■ What you will do:
Copy each line below containing "Hinc".

■ Data for processing:
::::::

(* Let $q \in \mathbb{N}$. Suppose $\psi(\cdot,t)\in \mathcal{F}$ and set $\bar{\psi}(\cdot,t) := \Upsilon (\psi(\cdot,t))$ for all $t \in \mathbb{R}_+$. The following are equivalent. (i) $\psi(\cdot,t) \in \mathcal{D}^q$ for all $t \ge 0$, and $\psi \in C^q(\mathbb{R}_+^2,\mathbb{R}_+)^{I}$. (ii) $\bar{\psi}(\cdot,t) \in \bar{\mathcal{D}}^q$ for all $t \ge 0$, and $\bar{\psi} \in C^q(\mathbb{R}_+^2,\mathbb{R}_+)^{I}$.
   Context: Fix $I\in\mathbb{N}$. $\mathcal{C}=\{f\in C(\mathbb{R}_+,\mathbb{R}_+):f(0)=0,f\text{ non-decreasing}\}$, $\mathcal{C}^\uparrow=\{f\in\mathcal{C}:f\text{ strictly increasing},\lim_{u\to\infty}f(u)=\infty\}$. $\mathcal{C}^q=\{f\in\mathcal{C}:f^{\mathbb{R}}\in C^q(\mathbb{R},\mathbb{R})\}$ where $f^{\mathbb{R}}$ is the extension of $f$ by $0$ to $(-\infty,0)$. For $\psi\in\mathcal{C}^I$, $\phi_i(u)=u-\sum_{j=1}^I2(i\wedge j)\psi_j(u)$. $\mathcal{F}=\{\psi\in\mathcal{C}^I:\phi_I\in\mathcal{C}^\uparrow\}$ (then every $\phi_i\in\mathcal{C}^\uparrow$), $\Upsilon(\psi)_i=\psi_i\circ\phi_i^{-1}$. $\mathcal{D}=\{\psi\in\mathcal{F}:\sum_ii\sup_{u_1\neq u_2}\frac{\psi_i(u_1)-\psi_i(u_2)}{\phi_i(u_1)-\phi_i(u_2)}<\frac12\}$, $\bar{\mathcal{D}}=\{\bar\psi\in\mathcal{C}^I:\sum_ii\sup_{z_1\neq z_2}\frac{\bar\psi_i(z_1)-\bar\psi_i(z_2)}{z_1-z_2}<\frac12\}$, $\mathcal{D}^q=\mathcal{D}\cap(\mathcal{C}^q)^I$, $\bar{\mathcal{D}}^q=\bar{\mathcal{D}}\cap(\mathcal{C}^q)^I$. *)

From Stdlib Require Export Reals Lra ClassicalEpsilon List.
From Coquelicot Require Export Coquelicot.
Open Scope R_scope.

Fixpoint sumR (n : nat) (f : nat -> R) : R :=
  match n with O => 0 | S m => sumR m f + f (S m) end.

Fixpoint sumRbar (n : nat) (f : nat -> Rbar) : Rbar :=
  match n with O => Finite 0 | S m => Rbar_plus (sumRbar m f) (f (S m)) end.
Lemma base_change_lower_bound n :
  (INR s - 1) * (Rpower (INR n + 1) al - 1) <= (INR p - 1) * INR (base_change s p n).
Proof.
  pose proof growth_exponent_ge1 as Hal.
  induction n as [|m e He Hn IH] using (nat_digit_ind s s_ge2).
  { simpl. rewrite Rplus_0_l, Rpower_1_l. lra. }
  rewrite INR_base_change_digit_add, plus_INR, mult_INR by assumption.
  pose proof (pos_INR m). pose proof (pos_INR e).
  assert (HeR : INR e + 1 <= INR s) by (rewrite <- S_INR; apply le_INR; lia).
  (* convexity moves the increment of size s - 1 - e from e + 1 up to s m + e + 1 *)
  pose proof (Rpower_increment_le al Hal (INR e + 1) (INR s * INR m + INR e + 1)
    (INR s - 1 - INR e) ltac:(lra) ltac:(nra) ltac:(lra)) as Hinc.
  replace (INR e + 1 + (INR s - 1 - INR e)) with (INR s) in Hinc by ring.
  replace (INR s * INR m + INR e + 1 + (INR s - 1 - INR e)) with (INR s * (INR m + 1))
    in Hinc by ring.
  rewrite <- Rpower_mult_distr, Rpower_INR_base in Hinc by lra.
  pose proof (Rpower_le_chord al Hal (INR e + 1) (INR s) ltac:(lra) HeR) as Hchord.
  rewrite Rpower_INR_base in Hchord.
  nra.
Qed.

Lemma base_change_ratio_pow k :
  INR (base_change s p (s ^ k)) / Rpower (INR (s ^ k)) al = 1.
Proof.
  rewrite base_change_pow, Rpower_INR_pow by exact s_ge2.
  apply Rinv_r. apply not_0_INR, Nat.pow_nonzero. lia.
Qed.

Lemma base_change_ratio_le_1 n : (1 <= n)%nat ->
  INR (base_change s p n) / Rpower (INR n) al <= 1.
Proof.
  intros Hn. rewrite <- (Rdiv_diag (Rpower (INR n) al)) by (apply Rgt_not_eq, Rpower_pos).
  unfold Rdiv. apply Rmult_le_compat_r.
  - left. apply Rinv_0_lt_compat, Rpower_pos.
  - apply base_change_le_Rpower, Hn.
Qed.

Lemma base_change_ratio_min k n : (1 <= n <= s ^ (k + 1) - 1)%nat ->
  INR (base_change s p (s ^ (k + 1) - 1)) / Rpower (INR (s ^ (k + 1) - 1)) al
  <= INR (base_change s p n) / Rpower (INR n) al.
Proof.
  intros Hn. set (N := (s ^ (k + 1) - 1)%nat).
  pose proof (Nat.pow_nonzero s (k + 1) ltac:(lia)).
  assert (HN1 : INR N + 1 = INR (s ^ (k + 1))) by (unfold N; rewrite <- S_INR; f_equal; lia).
  assert (Hrep : (INR p - 1) * INR (repunit p k) = Rpower (INR N + 1) al - 1).
  { rewrite HN1, Rpower_INR_pow, <- (repunit_pred_mul p k) by lia.
    rewrite plus_INR, mult_INR, minus_INR by lia. simpl. ring. }
  assert (H1n : 1 <= INR n) by (apply (le_INR 1); lia).
  assert (HnN : INR n <= INR N) by (apply le_INR; lia).
  pose proof (Rpower_succ_sub1_ratio_antitone al growth_exponent_ge1 _ _ H1n HnN) as Hanti.
  pose proof (base_change_lower_bound n) as Hlow.
  pose proof (Rpower_pos (INR n) al). pose proof (Rpower_pos (INR N) al).
  apply Rdiv_le_cross; try assumption.
  unfold N at 1. rewrite base_change_pow_pred, mult_INR, minus_INR by lia. simpl (INR 1).
  apply Rmult_le_reg_l with (INR p - 1); [lra|].
  assert (INR s - 1 >= 0) by lra.
  assert ((INR s - 1) * ((Rpower (INR N + 1) al - 1) * Rpower (INR n) al)
          <= (INR s - 1) * ((Rpower (INR n + 1) al - 1) * Rpower (INR N) al))
    by (apply Rmult_le_compat_l; lra).
  assert ((INR s - 1) * (Rpower (INR n + 1) al - 1) * Rpower (INR N) al
          <= (INR p - 1) * INR (base_change s p n) * Rpower (INR N) al)
    by (apply Rmult_le_compat_r; lra).
  rewrite <- Hrep in *. lra.
Qed.

End BaseChangeGrowth.

Lemma s_of_le q r p : (s_of q r p <= p)%nat.
Proof.
  unfold s_of, A_set. rewrite <- (length_seq p 0) at 2. apply filter_length_le.
Qed.

Lemma b_seq_block q r p k n :
  let s := s_of q r p in let al := ln (INR p) / ln (INR s) in
  (2 <= s)%nat -> (s ^ k <= n < s ^ (k + 1))%nat ->
  b_seq q r p n = INR q * (INR (base_change s p n) / Rpower (INR n) al)
                  + INR r * INR (repunit p k) / Rpower (INR n) al.
Proof.
  intros s al Hs Hn. unfold b_seq, a_seq. fold s. fold al.
  rewrite eval_digits_h. fold (base_change s p n) (digit_weight s p n).
  rewrite (digit_weight_block s Hs p k n Hn).
  rewrite plus_INR, !mult_INR. field. apply Rgt_not_eq, Rpower_pos.
Qed.

Theorem mainTheorem16 (q r p k n : nat) :
  (2 <= q)%nat -> (r < q)%nat -> (q + r < p)%nat ->
  (2 <= s_of q r p)%nat ->
  (s_of q r p ^ k <= n < s_of q r p ^ (k + 1))%nat ->
  b_seq q r p (s_of q r p ^ (k + 1) - 1)%nat <= b_seq q r p n
  <= b_seq q r p (s_of q r p ^ k)%nat.
Proof.
  intros _ _ _ Hs Hn.
  pose proof (s_of_le q r p) as Hsp.
  set (s := s_of q r p) in *.
  pose proof (growth_exponent_ge1 s p Hs Hsp) as Hal.
  assert (Hpos : (1 <= s ^ k)%nat) by (pose proof (Nat.pow_nonzero s k); lia).
  assert (Hblock : (s ^ k < s ^ (k + 1))%nat)
    by (rewrite Nat.add_1_r, Nat.pow_succ_r'; nia).
  assert (HS1 : 1 <= INR (s ^ k)) by (apply (le_INR 1); exact Hpos).
  assert (HnN : INR n <= INR (s ^ (k + 1) - 1)) by (apply le_INR; lia).
  assert (HSn : INR (s ^ k) <= INR n) by (apply le_INR; lia).
  assert (HRr : 0 <= INR r * INR (repunit p k)) by (apply Rmult_le_pos; apply pos_INR).
  rewrite !(b_seq_block q r p k) by (fold s; lia). fold s.
  split; apply Rplus_le_compat.
  - apply Rmult_le_compat_l; [apply pos_INR|].
    apply base_change_ratio_min; [assumption..|lia].
  - apply Rdiv_Rpower_antitone; lra.
  - apply Rmult_le_compat_l; [apply pos_INR|].
    rewrite base_change_ratio_pow by assumption.
    apply base_change_ratio_le_1; [assumption..|lia].
  - apply Rdiv_Rpower_antitone; lra.
Qed.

::::::

■ Answer section:
    (INR s - 1 - INR e) ltac:(lra) ltac:(nra) ltac:(lra)) as Hinc.
  replace (INR e + 1 + (INR s - 1 - INR e)) with (INR s) in Hinc by ring.
    in Hinc by ring.
  rewrite <- Rpower_mult_distr, Rpower_INR_base in Hinc by lra.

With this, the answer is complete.